Far Off Kin
February 5, 2009 – February 28, 2009
Far Off Kin, a solo exhibition by Toronto-based artist Celeste Toogood, ran in the Open Studio Gallery from February 5 – 28, 2009. Toogood’s mixed media prints reveal images of isolated and uninhabited landscapes— images which guide the viewer through a “negotiation of the natural in an age in which nothing goes untouched and in which we approach the idea of nature with a degree of apprehension,” as Toronto-based writer Malcolm Sutton points out in the accompanying essay.
Seeking knowledge about plants and ecological systems, Toogood’s work aspires to renew the relationship that humans have with their natural environment and investigates the meaning of representing the natural world. Developing out of a previous body of work depicting the effects of human intervention on the lives of animals, this new series focuses on the spaces inhabited or formerly inhabited by animals.

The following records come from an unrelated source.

Lemma gpath_rcons p e : gp p -> s e = pend p -> gp (p.1, rcons p.2 e).
Proof.
case: p => v [|f fs]; rewrite /is_gpath /=; first by move=> _ ->; rewrite eqxx.
move=> /andP[-> Hp] He /=; rewrite rcons_path Hp /=.
by rewrite He /pend /= (last_map r) eqxx.
Qed.

Lemma pend_rcons p e : pend (p.1, rcons p.2 e) = r e.
Proof. by rewrite /pend /= map_rcons last_rcons. Qed.

Lemma gpath_cat a b : gp a -> gp b -> pend a = b.1 -> gp (a.1, a.2 ++ b.2).
Proof.
case: a => v es; case: b => w fs /= Ha Hb Hab.
elim: es v Ha Hab => [|e es IH] v Ha Hab /=; first by rewrite /pend /= in Hab; subst.
rewrite gpath_cons in Ha; case/andP: Ha => /eqP <- Ha.
by rewrite gpath_cons eqxx /=; apply: IH.
Qed.

Lemma pend_cat a b : pend a = b.1 -> pend (a.1, a.2 ++ b.2) = pend b.
Proof. by case: a => v es; case: b => w fs /=; rewrite /pend /= map_cat last_cat => ->. Qed.

Definition is_sink (v : V) := forall e, s e <> v.

Hypothesis hL : LeavittFamily s r pv pe pe'.

Lemma lf_idem v : pv v * pv v = pv v. Proof. by case: hL. Qed.
Lemma lf_orth v w : v != w -> pv v * pv w = 0. Proof. by case: hL => _ [H _]; apply: H. Qed.
Lemma lf_ghost_orth e f : e != f -> pe' e * pe f = 0. Proof. by case: hL => _ [] _ [H _]; apply: H. Qed.
Lemma lf_ghost_edge e : pe' e * pe e = pv (r e). Proof. by case: hL => _ [] _ [] _ [H _]. Qed.
Lemma lf_src_edge e : pv (s e) * pe e = pe e.
Proof. by case: hL => _ [] _ [] _ [] _ [] H _; case: (H e). Qed.
Lemma lf_edge_rng e : pe e * pv (r e) = pe e.
Proof. by case: hL => _ [] _ [] _ [] _ [] H _; case: (H e). Qed.
Lemma lf_ghost_src e : pe' e * pv (s e) = pe' e.
Proof. by case: hL => _ [] _ [] _ [] _ [] _ [] H _; case: (H e). Qed.
Lemma lf_rng_ghost e : pv (r e) * pe' e = pe' e.
Proof. by case: hL => _ [] _ [] _ [] _ [] _ [] H _; case: (H e). Qed.
Lemma lf_cuntz_krieger v : (exists e, s e = v) -> pv v = \sum_(e | s e == v) pe e * pe' e.
Proof. by case: hL => _ [] _ [] _ [] _ [] _ [] _ [] H _; apply: H. Qed.
Lemma lf_sum_vertices : \sum_(v : V) pv v = 1.
Proof. by case: hL => _ [] _ [] _ [] _ [] _ [] _ [] _. Qed.

Lemma lf_ghost_vertex0 v e : v != s e -> pe' e * pv v = 0.
Proof. by move=> H; rewrite -lf_ghost_src -mulrA lf_orth 1?eq_sym // mulr0. Qed.

Local Notation mon := (pmon pv pe).
Local Notation mon' := (pmon_star pv pe').

Lemma pmon_cons v e es : gp (v, e :: es) -> mon (v, e :: es) = pe e * mon (r e, es).
Proof.
rewrite /pmon /= big_cons; case: es => [|f fs] _ /=; first by rewrite big_nil mulr1 lf_edge_rng.
by rewrite big_cons.
Qed.

Lemma pmon_star_cons v e es : gp (v, e :: es) -> mon' (v, e :: es) = mon' (r e, es) * pe' e.
Proof.
rewrite /pmon_star /= rev_cons big_rcons; case: es => [|f fs] _ /=.
  by rewrite big_nil mul1r lf_rng_ghost.
by rewrite rev_cons big_rcons.
Qed.

Lemma pmon_src p : gp p -> pv p.1 * mon p = mon p.
Proof.
case: p => v [|e es] /=; first by rewrite /pmon /= lf_idem.
move=> H; rewrite pmon_cons // mulrA; move: H; rewrite gpath_cons => /andP[/eqP <- _].
by rewrite lf_src_edge.
Qed.

Lemma pmon_end p : gp p -> mon p * pv (pend p) = mon p.
Proof.
case: p => v es; elim: es v => [|e es IH] v /=; first by rewrite /pmon /pend /= lf_idem.
move=> H; rewrite pmon_cons // -mulrA; move: H; rewrite gpath_cons => /andP[_ H].
by rewrite -[pend _]/(pend (r e, es)) IH.
Qed.

Lemma pmon_star_src p : gp p -> mon' p * pv p.1 = mon' p.
Proof.
case: p => v [|e es] /=; first by rewrite /pmon_star /= lf_idem.
move=> H; rewrite pmon_star_cons // -mulrA; move: H; rewrite gpath_cons => /andP[/eqP <- _].
by rewrite lf_ghost_src.
Qed.

Lemma pmon_star_end p : gp p -> pv (pend p) * mon' p = mon' p.
Proof.
case: p => v es; elim: es v => [|e es IH] v /=; first by rewrite /pmon_star /pend /= lf_idem.
move=> H; rewrite pmon_star_cons // mulrA; move: H; rewrite gpath_cons => /andP[_ H].
by rewrite -[pend _]/(pend (r e, es)) IH.
Qed.

Lemma pmon_rcons p e : gp p -> s e = pend p -> mon (p.1, rcons p.2 e) = mon p * pe e.
Proof.
case: p => v [|f fs] /= H He; rewrite /pmon /=.
  by rewrite /pend /= in He; rewrite big_cons big_nil mulr1 -He lf_src_edge.
by rewrite -rcons_cons big_rcons.
Qed.

Lemma pmon_star_rcons p e : gp p -> s e = pend p -> mon' (p.1, rcons p.2 e) = pe' e * mon' p.
Proof.
case: p => v [|f fs] /= H He; rewrite /pmon_star /=.
  by rewrite /pend /= in He; rewrite big_cons big_nil mulr1 -He lf_ghost_src.
by rewrite -rcons_cons rev_rcons big_cons.
Qed.

Lemma pmon_starK p : gp p -> mon' p * mon p = pv (pend p).
Proof.
case: p => v es; elim: es v => [|e es IH] v /=; first by rewrite /pmon_star /pmon /pend /= lf_idem.
move=> H; rewrite pmon_star_cons // pmon_cons //; move: H; rewrite gpath_cons => /andP[_ H].
rewrite mulrA -(mulrA _ (pe' e)) lf_ghost_edge -[r e]/((r e, es).1) pmon_star_src //.
by rewrite -[pend _]/(pend (r e, es)) -IH.
Qed.

Lemma pmon_star_mul b g : gp b -> gp g -> ((size b.2 <= size g.2)%N \/ is_sink (pend g)) ->
  mon' b * mon g = 0 \/
  exists rho, [/\ gp rho, pend rho = pend g & mon' b * mon g = mon rho].
Proof.
case: b => v es; elim: es v g => [|f fs IH] v [w gs] Hb Hg Hc.
  rewrite /pmon_star /=; have [E|ne] := eqVneq v w.
    by subst w; right; exists (v, gs); split=> //; rewrite (pmon_src Hg).
  by left; rewrite -[mon _]pmon_src // mulrA lf_orth // mul0r.
rewrite pmon_star_cons //; move: Hb; rewrite gpath_cons => /andP[/eqP sf Hb].
case: gs Hg Hc => [|g gs] Hg Hc.
  have ne : w != s f by apply/eqP => E; case: Hc => //= Hs; exact: (Hs f (esym E)).
  by left; rewrite /pmon /= -mulrA lf_ghost_vertex0 // mulr0.
have [E|ne] := eqVneq f g; last first.
  by left; rewrite (pmon_cons Hg) mulrA -(mulrA _ (pe' f)) lf_ghost_orth // mulr0 mul0r.
subst g; rewrite (pmon_cons Hg) mulrA -(mulrA _ (pe' f)) lf_ghost_edge -[r f]/((r f, fs).1).
rewrite pmon_star_src //; move: Hg; rewrite gpath_cons => /andP[_ Hg].
exact: IH.
Qed.

Lemma pmon_mul a b : gp a -> gp b ->
  mon a * mon b = 0 \/
  exists rho, [/\ gp rho, pend rho = pend b & mon a * mon b = mon rho].
Proof.
move=> Ha Hb; have [E|ne] := eqVneq (pend a) b.1; last first.
  left; rewrite -(pmon_end Ha) -(pmon_src Hb) mulrA -(mulrA (mon a)).
  by rewrite lf_orth // mulr0 mul0r.
right; exists (a.1, a.2 ++ b.2); split; [exact: gpath_cat | exact: pend_cat|].
case: a Ha E => v es; case: b Hb => w fs Hb Ha E /=.
case: es Ha E => [|e es] Ha E; first by rewrite /pend /= in E; subst w; exact: (pmon_src Hb).
case: fs Hb E => [|f fs] Hb E; first by rewrite cats0 /= in E *; subst w; exact: (pmon_end Ha).
by rewrite /pmon /= -cat_cons big_cat.
Qed.

Definition path_extensions (g : V * seq Ed) : seq (V * seq Ed) :=
  if [exists e, s e == pend g] then
    [seq (g.1, rcons g.2 e) | e <- [seq e <- index_enum Ed | s e == pend g]]
  else [:: g].

Lemma path_extensions_sum g : gp g ->
  \sum_(h <- path_extensions g) mon h * mon' h = mon g * mon' g.
Proof.
move=> Hg; rewrite /path_extensions; case: ifP => [/existsP[e0 /eqP He0]|_]; last first.
  by rewrite big_seq1.
rewrite big_map big_filter.
under eq_bigr => e /eqP se do
  rewrite (pmon_rcons Hg se) (pmon_star_rcons Hg se) mulrA -(mulrA _ (pe e)).
by rewrite -mulr_suml -mulr_sumr -lf_cuntz_krieger ?(pmon_end Hg) //; exists e0.
Qed.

Far Off Kin—implying a separation in time, a distance from an ancient connection to that which is familiar, and an observation on how the inhabitants have affected the navigational course of the earth—presents a viewpoint of the Canadian landscape at a time of redefinition and massive environmental change.
Toogood has exhibited extensively in group exhibitions in Canada and internationally; this is her first solo exhibition in Toronto. As essay writer Sutton points out, even as we are taken by the beauty of Toogood’s prints, we are also pressed to confront our conception of nature which is at stake in them.
Celeste Toogood is a graduate of the Nova Scotia College of Art and Design. Upon graduating, Celeste returned to Toronto and continues her practice of silkscreening, drawing and making sculptures. Using colour and texture in her work, she investigates the meaning of representing the “natural” world. Celeste generates her imagery, and finds inspiration while hiking, snowshoeing and canoeing in Canada’s wilderness. Seeking knowledge about plants and ecological systems, she aspires to renew the relationship that humans have with their natural environment. Celeste’s work has been shown in Tokyo, the U.K., Netherlands, Baltimore, New York, Philadelphia, Vancouver, Montreal, Halifax and Toronto in various group shows. This is her first solo show in Toronto.
Malcolm Sutton is an editor and writer living in Toronto. He has studied at the Nova Scotia College of Art and Design, Concordia University and the University of Ottawa, and is presently writing his PhD dissertation on the fiction of Robert Coover and Gilbert Sorrentino. Other ongoing writing projects include “1001 Xanadus,” a collaborative work with artist François Lemieux.